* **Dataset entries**
(* Consider a finite discounted MDP as described in the context, with discount factor $\alpha\in(0,1)$, terminal reward vector $v^0\in\mathbb{R}^m$, and accuracy $\epsilon>0$. Let $v^1(x):=\max_{a\in A(x)}r(x,a)$ for $x\in\mathbb{X}$, assume the coefficient $\gamma$ of the MDP satisfies $\gamma\in(0,1]$, and assume $sp(v^1)+sp(v^0)>0$. Then the value iteration algorithm (described in the context) finds a deterministic $\epsilon$-optimal policy after a finite number of iterations bounded above by $$F(\alpha):=\max\left\{\left\lceil\frac{\log\frac{(1-\alpha)\epsilon\gamma}{sp(v^1)+(1+\alpha)sp(v^0)}}{\log(\alpha\gamma)}\right\rceil,1\right\}.$$ Furthermore, for any fixed $\epsilon>0$, any fixed $\gamma\in(0,1]$ and any fixed $v^0,v^1\in\mathbb{R}^m$ with $sp(v^1)+sp(v^0)>0$, the function $F$ defined by this formula on $\alpha\in(0,1)$ satisfies: (a) $\lim_{\alpha\downarrow0}F(\alpha)=1$ and $\lim_{\alpha\uparrow1}F(\alpha)=+\infty$; (b) $F(\alpha)$ is non-decreasing in $\alpha$.
   Context: A finite MDP has state space $\mathbb{X}=\{1,\dots,m\}$, nonempty finite action sets $A(x)$ for $x\in\mathbb{X}$, with $k=\sum_{x}|A(x)|$; one-step rewards $r(x,a)\in\mathbb{R}$ and transition probabilities $p(y|x,a)$ with $\sum_y p(y|x,a)=1$; and a terminal reward vector $v^0\in\mathbb{R}^m$. For a policy $\pi$ (possibly randomized and history-dependent) and initial state $x$, $v^\pi_\alpha(x)=\mathbb{E}^\pi_x\sum_{t=0}^\infty \alpha^t r(x_t,a_t)$ and $v_\alpha(x)=\sup_\pi v^\pi_\alpha(x)$. A policy $\pi$ is $\epsilon$-optimal if $v^\pi_\alpha(x)\ge v_\alpha(x)-\epsilon$ for all $x$. A deterministic policy is a map $\phi$ with $\phi(x)\in A(x)$. For $v\in\mathbb{R}^m$, $T^a_\alpha v(x)=r(x,a)+\alpha\sum_{y}p(y|x,a)v(y)$, $T^\phi_\alpha v(x)=T^{\phi(x)}_\alpha v(x)$, $T_\alpha v(x)=\max_{a\in A(x)}T^a_\alpha v(x)$. The span seminorm is $sp(u)=\max_x u(x)-\min_x u(x)$. The coefficient $\gamma$ of the MDP is $\gamma:=\max_{x,y\in\mathbb{X},\,a\in A(x),\,b\in A(y)}\big[1-\sum_{z}\min\{p(z|x,a),p(z|y,b)\}\big]$. Value iteration algorithm (given $\alpha\in(0,1)$, $\epsilon>0$): (1) set $u:=v^0$ and a number $\Delta>\frac{1-\alpha}{\alpha}\epsilon$; (2) while $\Delta>\frac{1-\alpha}{\alpha}\epsilon$: compute $v:=T_\alpha u$, set $\Delta:=sp(u-v)$, $u^*:=u$, $u:=v$ (each pass is one iteration); (3) output a deterministic policy $\phi$ with $v=T^\phi_\alpha u^*$. *)

From HB Require Import structures.
From mathcomp Require Import all_boot all_order all_algebra.
From mathcomp Require Import all_classical all_reals all_analysis.
Set Implicit Arguments. Unset Strict Implicit. Unset Printing Implicit Defensive.
Import Order.TTheory GRing.Theory Num.Theory.
Import numFieldNormedType.Exports.
Local Open Scope classical_set_scope.
Local Open Scope ring_scope.

Section MDP.
Variable R : realType.
Variable m : nat.
Local Notation X := ('I_m.+1).
Variable Act : finType.
Variable A : X -> {set Act}.
Variable r : X -> Act -> R.
Variable p : X -> Act -> X -> R.   (* p x a y = p(y|x,a)            *)

Definition maxA (x : X) (f : Act -> R) : R :=
  match [pick a in A x] with
  | Some a0 => \big[Num.max/f a0]_(a in A x) f a
  | None => 0
  end.

Definition vmax (u : X -> R) : R := \big[Num.max/u ord0]_(x : X) u x.
Definition vmin (u : X -> R) : R := \big[Num.min/u ord0]_(x : X) u x.
Definition sp (u : X -> R) : R := vmax u - vmin u.

Definition Ta (alpha : R) (a : Act) (v : X -> R) (x : X) : R :=
  r x a + alpha * \sum_(y : X) p x a y * v y.
Definition Tphi (alpha : R) (phi : X -> Act) (v : X -> R) (x : X) : R :=
  Ta alpha (phi x) v x.
Definition T (alpha : R) (v : X -> R) (x : X) : R :=
  maxA x (fun a => Ta alpha a v x).

Definition v1 (x : X) : R := maxA x (r x).

Definition gamma : R :=
  \big[Num.max/0]_(x : X) \big[Num.max/0]_(y : X)
   \big[Num.max/0]_(a in A x) \big[Num.max/0]_(b in A y)
     (1 - \sum_(z : X) Num.min (p x a z) (p y b z)).

(* randomized history-dependent policies: pi h x a is the probability
   of choosing a in current state x after history h (past state-action pairs) *)
Definition policy := seq (X * Act) -> X -> Act -> R.

Definition is_policy (pi : policy) : Prop :=
  forall h x, (forall a, 0 <= pi h x a) /\ (forall a, a \notin A x -> pi h x a = 0)
              /\ \sum_(a in A x) pi h x a = 1.

(* expected discounted reward of the first N steps, starting after history h
   in state x (the expectation of sum_{t<N} alpha^t r(x_t,a_t)) *)
Fixpoint vN (alpha : R) (pi : policy) (N : nat) (h : seq (X * Act)) (x : X) : R :=
  match N with
  | 0 => 0
  | N'.+1 => \sum_(a : Act) pi h x a *
              (r x a + alpha * \sum_(y : X) p x a y * vN alpha pi N' (rcons h (x, a)) y)
  end.

Definition vpi (alpha : R) (pi : policy) (x : X) : R :=
  limn (fun N => vN alpha pi N [::] x).

Definition vopt (alpha : R) (x : X) : R :=
  sup [set vpi alpha pi x | pi in is_policy].

Definition eps_optimal (alpha eps : R) (pi : policy) : Prop :=
  forall x, vopt alpha x - eps <= vpi alpha pi x.

Definition det_policy (phi : X -> Act) : policy :=
  fun _ x a => if a == phi x then 1 else 0.

Definition VI (alpha : R) (v0 : X -> R) (n : nat) : X -> R := iter n (T alpha) v0.

End MDP.

Definition Fbound (R : realType) (m : nat) (eps gam : R) (v1 v0 : 'I_m.+1 -> R) (alpha : R) : R :=
  Num.max
    ((Num.ceil (ln ((1 - alpha) * eps * gam / (sp v1 + (1 + alpha) * sp v0))
                / ln (alpha * gam)))%:~R)
    1.

(* Value iteration stops after at most F(alpha) steps because the Bellman
   operator [T alpha] contracts the span seminorm with modulus [alpha * gamma]:
   two transition laws agree on a mass [\sum_z min (p(z|x,a)) (p(z|y,b))], so
   only the remaining mass, at most [gamma], sees a difference of value vectors.
   Hence [sp (u_(n-1) - u_n) <= (alpha gamma)^(n-1) sp (v^0 - T v^0)], and
   [sp (v^0 - T v^0) <= sp v^1 + (1 + alpha) sp v^0]; taking logarithms, the
   stopping threshold [(1 - alpha) eps / alpha] is reached once [n >= F(alpha)].
   When the span of [u - T u] is that small, the greedy policy [phi] for [u]
   is eps-optimal: [T u] is almost a fixed point of both [T] and [T^phi], and
   comparing the finite-horizon values with [T u] bounds [v_alpha] from above
   and [v^phi_alpha] from below by [T u] plus the geometric sums of the defects. *)

From Pilot Require Import Defs.
From HB Require Import structures.
From mathcomp Require Import all_boot all_order all_algebra.
From mathcomp Require Import all_classical all_reals all_analysis.
From mathcomp Require Import ring lra.
Set Implicit Arguments. Unset Strict Implicit. Unset Printing Implicit Defensive.
Import Order.TTheory GRing.Theory Num.Theory.
Import numFieldNormedType.Exports.
Local Open Scope classical_set_scope.
Local Open Scope ring_scope.

Section Averages.
Variables (R : realDomainType) (I : finType).

Definition is_distr (P : I -> R) : Prop := (forall i, 0 <= P i) /\ \sum_i P i = 1.

Variable P : I -> R.
Hypothesis P_distr : is_distr P.

Lemma ler_avg (f g : I -> R) :
  (forall i, f i <= g i) -> \sum_i P i * f i <= \sum_i P i * g i.
Proof.
by have [P_ge0 _] := P_distr; move=> fg; apply: ler_sum => i _; rewrite ler_wpM2l.
Qed.

Lemma avg_le (g : I -> R) c : (forall i, P i != 0 -> g i <= c) -> \sum_i P i * g i <= c.
Proof.
have [P_ge0 P_sum1] := P_distr; move=> g_le.
rewrite -[c]mul1r -P_sum1 mulr_suml; apply: ler_sum => i _.
have [->|/g_le gi_le] := eqVneq (P i) 0; first by rewrite !mul0r.
by rewrite ler_wpM2l.
Qed.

* **Task directions**
Transcribe, exactly and without additions, the lines of the records above, beginning with the line that contains "Definition vmin (u" and ending with the line that contains "pi h x a = 1.", both included.

* **Task result**
Definition vmin (u : X -> R) : R := \big[Num.min/u ord0]_(x : X) u x.
Definition sp (u : X -> R) : R := vmax u - vmin u.

Definition Ta (alpha : R) (a : Act) (v : X -> R) (x : X) : R :=
  r x a + alpha * \sum_(y : X) p x a y * v y.
Definition Tphi (alpha : R) (phi : X -> Act) (v : X -> R) (x : X) : R :=
  Ta alpha (phi x) v x.
Definition T (alpha : R) (v : X -> R) (x : X) : R :=
  maxA x (fun a => Ta alpha a v x).

Definition v1 (x : X) : R := maxA x (r x).

Definition gamma : R :=
  \big[Num.max/0]_(x : X) \big[Num.max/0]_(y : X)
   \big[Num.max/0]_(a in A x) \big[Num.max/0]_(b in A y)
     (1 - \sum_(z : X) Num.min (p x a z) (p y b z)).

(* randomized history-dependent policies: pi h x a is the probability
   of choosing a in current state x after history h (past state-action pairs) *)
Definition policy := seq (X * Act) -> X -> Act -> R.

Definition is_policy (pi : policy) : Prop :=
  forall h x, (forall a, 0 <= pi h x a) /\ (forall a, a \notin A x -> pi h x a = 0)
              /\ \sum_(a in A x) pi h x a = 1.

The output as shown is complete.